NSOM combined with FTIR/Raman techniques can provide local chemical information together with topographical details. This technique is non-destructive and can work in a variety of environments (liquids), for example, when detecting single biomolecules. The illuminated area of sample is relatively big at around 1 μm. However, the sampling area is only ~10 nm. This means that a strong background from an unclean tip contributes to the overall signal, hindering the signal analysis.
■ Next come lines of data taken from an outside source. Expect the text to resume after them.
(* Let $V$ be a real vector space of dimension $d>1$, $\Gamma<\mathrm{SL}(V)$ a torsion-free projective Anosov subgroup with limit maps $\xi,\xi^*$, and $\widetilde{\mathcal{M}}_\Gamma$ as in the context. Let $[v:\alpha]\in\widetilde{\mathcal{M}}_\Gamma$ and $\gamma\in\Gamma\setminus\{e\}$ be such that $\gamma\cdot[v:\alpha]=[e^Tv:e^{-T}\alpha]$ for some $T\ge0$. Then $[v]=\xi(\gamma_+)$, $[\alpha]=\xi^*(\gamma_-)$ and $T=\lambda_1(\gamma)$.
   Context: Projective Anosov: finitely generated Gromov hyperbolic, $\lambda_1(\gamma)-\lambda_2(\gamma)\ge c|\gamma|_\infty-c'$, where $\lambda_1\ge\lambda_2\ge\dots$ are the logarithms of the moduli of eigenvalues and $|\cdot|_\infty$ is stable word length. Limit maps $\xi:\partial_\infty\Gamma\to\mathbb{P}(V)$, $\xi^*:\partial_\infty\Gamma\to\mathbb{P}(V^* )$: equivariant, $\xi(x)\subset\ker\xi^*(y)$ iff $x=y$, and for infinite order $\gamma$ with attracting/repelling boundary fixed points $\gamma_\pm=\lim_{n\to\pm\infty}\gamma^n$, $\lambda_1(\gamma)>0$, the eigenvalue of modulus $e^{\lambda_1(\gamma)}$ is real and simple with eigenline $\xi(\gamma_+)$, and the eigenline of the dual action $\alpha\mapsto\alpha\circ\gamma^{-1}$ for the eigenvalue of modulus $e^{-\lambda_1(\gamma)}$ is $\xi^*(\gamma_-)$. $\mathbb{L}=\{[v:\alpha]\in\mathbb{P}(V\times V^* ):\alpha(v)>0\}$, $\gamma\cdot[v:\alpha]=[\gamma v:\alpha\circ\gamma^{-1}]$, and $\widetilde{\mathcal{M}}_\Gamma=\{[v:\alpha]\in\mathbb{L}:\forall x\in\partial_\infty\Gamma,\ \xi^*(x)(v)\ne0\text{ or }\alpha(\xi(x))\ne0\}$ (where $\xi^*(x)(v)\neq 0$ means a representative linear form does not vanish on $v$). *)

From HB Require Import structures.
From mathcomp Require Import all_boot all_order all_algebra.
From mathcomp Require Import all_classical all_reals all_analysis.
From mathcomp Require Import complex.
Set Implicit Arguments. Unset Strict Implicit. Unset Printing Implicit Defensive.
Import Order.TTheory GRing.Theory Num.Theory numFieldNormedType.Exports.
Local Open Scope ring_scope.
Local Open Scope classical_set_scope.

Section Defs.
Context {R : realType} {d : nat}.
Local Notation M := 'M[R]_d.

Definition SL_subgroup (G : set M) : Prop :=
  [/\ G 1%:M,
      (forall g h, G g -> G h -> G (g *m h)),
      (forall g, G g -> G (invmx g)) &
      (forall g, G g -> \det g = 1)].

Definition mxpow (g : M) (n : nat) : M := iter n (mulmx g) 1%:M.

Definition torsion_free (G : set M) : Prop :=
  forall g, G g -> forall n, (0 < n)%N -> mxpow g n = 1%:M -> g = 1%:M.

Definition gen_letter (S : seq M) (a : M) : Prop :=
  exists2 s, s \in S & (a = s \/ a = invmx s).
Definition is_word (S : seq M) (w : seq M) : Prop :=
  forall a, a \in w -> gen_letter S a.
Definition word_prod (w : seq M) : M := foldr mulmx 1%:M w.

Definition generates (S : seq M) (G : set M) : Prop :=
  (forall s, s \in S -> G s) /\
  (forall g, G g -> exists w, is_word S w /\ word_prod w = g).

Definition wordlen (S : seq M) (g : M) : R :=
  inf ((fun w : seq M => (size w)%:R) @` [set w | is_word S w /\ word_prod w = g]).

Definition stablen (S : seq M) (g : M) : R :=
  limn ((fun n : nat => wordlen S (mxpow g n.+1) / n.+1%:R) : R^nat).

(* Gromov product at the identity for the word metric d(g,h) = |g^{-1} h| *)
Definition gprod (S : seq M) (g h : M) : R :=
  (wordlen S g + wordlen S h - wordlen S (invmx g *m h)) / 2.

Definition gromov_hyperbolic (S : seq M) (G : set M) : Prop :=
  exists delta : R, forall x y z, G x -> G y -> G z ->
    Num.min (gprod S x y) (gprod S y z) - delta <= gprod S x z.

(* ---------- Gromov boundary: sequences converging at infinity ---------- *)
Definition conv_infty (S : seq M) (G : set M) (x : nat -> M) : Prop :=
  (forall n, G (x n)) /\
  forall K : R, exists N, forall i j, (N <= i)%N -> (N <= j)%N -> K <= gprod S (x i) (x j).

(* two such sequences define the same boundary point *)
Definition bdry_equiv (S : seq M) (x y : nat -> M) : Prop :=
  forall K : R, exists N, forall i j, (N <= i)%N -> (N <= j)%N -> K <= gprod S (x i) (y j).

Definition cpolyC (g : M) : {poly R[i]} := char_poly (map_mx (real_complex R) g).

Definition specrad (g : M) : R :=
  sup ((@Normc.normc R) @` [set z | root (cpolyC g) z]).
Definition lam1 (g : M) : R := ln (specrad g).
(* e^{lambda_2(g)} : largest modulus after removing one eigenvalue of maximal modulus
   (eigenvalues counted with multiplicity) *)
Definition lam2 (g : M) : R :=
  ln (sup ((@Normc.normc R) @` [set z | exists z1, [/\ root (cpolyC g) z1,
             Normc.normc z1 = specrad g &
             root (cpolyC g %/ ('X - z1%:P)) z]])).

Definition proj_anosov (S : seq M) (G : set M) : Prop :=
  gromov_hyperbolic S G /\
  exists c c' : R, 0 < c /\
    forall g, G g -> c * stablen S g - c' <= lam1 g - lam2 g.

Definition top_eig_real_simple (g : M) (mu : R) : Prop :=
  [/\ `|mu| = expR (lam1 g),
      root (cpolyC g) (real_complex R mu),
      ~~ ((('X - (real_complex R mu)%:P) ^+ 2) %| cpolyC g) &
      (forall z, root (cpolyC g) z -> Normc.normc z = expR (lam1 g) ->
                 z = real_complex R mu)].

Definition proj_eq {m n : nat} (u w : 'M[R]_(m, n)) : Prop :=
  exists2 c : R, c != 0 & u = c *: w.

(* [v : a] = [v' : a'] in P(V x V^* ) *)
Definition proj_eq_pair (p q : 'cV[R]_d * 'rV[R]_d) : Prop :=
  exists2 c : R, c != 0 & p.1 = c *: q.1 /\ p.2 = c *: q.2.

Definition ev (a : 'rV[R]_d) (v : 'cV[R]_d) : R := (a *m v) ord0 ord0.

(* gamma^+ and gamma^- as boundary points *)
Definition attr (g : M) : nat -> M := fun n => mxpow g n.
Definition repl (g : M) : nat -> M := fun n => mxpow (invmx g) n.
(* Let $X=X_1\times\cdots\times X_r$ with $X_i$ smooth algebraic $k$-varieties, and $a(\mathbf T)=\sum_{\mathbf n\in\mathbb N^r}a_{\mathbf n}\mathbf T^{\mathbf n}\in\overline{\mathscr M}_X^{\hat\mu}[[\mathbf T]]$, $\mathbf T=(T_1,\dots,T_r)$. If $a(\mathbf T)$ is integrable, then for every ordered cell $\Delta\subset\mathbb N^r$ the series $a_\Delta(\mathbf T):=\sum_{\mathbf n\in\Delta}a_{\mathbf n}\mathbf T^{\mathbf n}$ is integrable.
   Context: $k$ is a field of characteristic zero; $\overline{\mathscr M}_X^{\hat\mu}$ is the monodromic Grothendieck ring of $X$-varieties with good $\hat\mu$-action, localized at $\mathbb L$ and at the elements $1-\mathbb L^n$ ($n\ge1$). A series is integrable if it lies in $\overline{\mathscr M}_X^{\hat\mu}[\mathbf T][(1-\mathbb L^m\mathbf T^{\mathbf n})^{-1}]_{m<0,\ \mathbf n\in\mathbb N^r\setminus\{0\}}\subset\overline{\mathscr M}_X^{\hat\mu}[[\mathbf T]]$. For integers $0=r_0<r_1<\cdots<r_s=r$, the basic ordered cell $\Delta_{(r_0,\dots,r_s)}$ is the set of $\mathbf n\in\mathbb N^r$ with $n_{r_{j-1}+1}=\cdots=n_{r_j}$ for each $j$ and $n_{r_{j-1}}<n_{r_j}$ for $2\le j\le s$. An ordered cell is the image of a basic ordered cell under a coordinate permutation $(n_1,\dots,n_r)\mapsto(n_{\rho(1)},\dots,n_{\rho(r)})$. *)

From HB Require Import structures.
From mathcomp Require Import all_boot all_order all_algebra all_fingroup.
Set Implicit Arguments. Unset Strict Implicit. Unset Printing Implicit Defensive.
Import Order.TTheory GRing.Theory Num.Theory.
Local Open Scope ring_scope.

(* Exponent vectors n in N^r and formal power series in T = (T_1,..,T_r)
   with coefficients in A, represented by their coefficient functions. *)
Definition expo (r : nat) := 'I_r -> nat.
Definition fps (A : Type) (r : nat) := expo r -> A.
The Raman spectroscopy in general could be time-consuming due to the low scattering efficiency (<1 in 107 photons). It usually takes several minutes to accumulate a conventional Raman spectrum, and this time could be much longer in Raman-NSOM; for example, 9 hours for a 32×32-pixel image. As to near-field IR/AFM, high optical losses in aqueous environments (water is strongly absorbing in the IR range) reduces the signal-to-noise ratio.

==Applications==

Improving the resolution and enhancing the instrumentation with user-friendly hardware and software will make AFM/NSOM coupled with IR/Raman a useful characterization tool in many areas including biomedical, materials and life sciences. For example, this technique was used in detecting the spin-cast thin film of poly(dimethylsiloxane) with polystyrene on it by scanning the tip over the sample. The shape and size of polystyrene fragments was detected at a high spatial resolution due to its high absorption at specific resonance frequencies. Other examples include inorganic boron nitride thin films characterization with IR-NSOM. The images of single molecule rhodamine 6G (Rh-6G) was obtained with a spatial resolution of 50 nm. These techniques can be also used in numerous biological related applications including the analysis of plant materials, bone, and single cells. Biological application was demonstrated by detecting details of conformation changes of cholesteryl-oleate caused by FEL irradiation with a spatial resolution below the diffraction limit. Researchers also used Raman/NSOM in tracking the formation of energy-storing polymer polyhydroxybutyrate in bacteria Rhodobacter capsulatus.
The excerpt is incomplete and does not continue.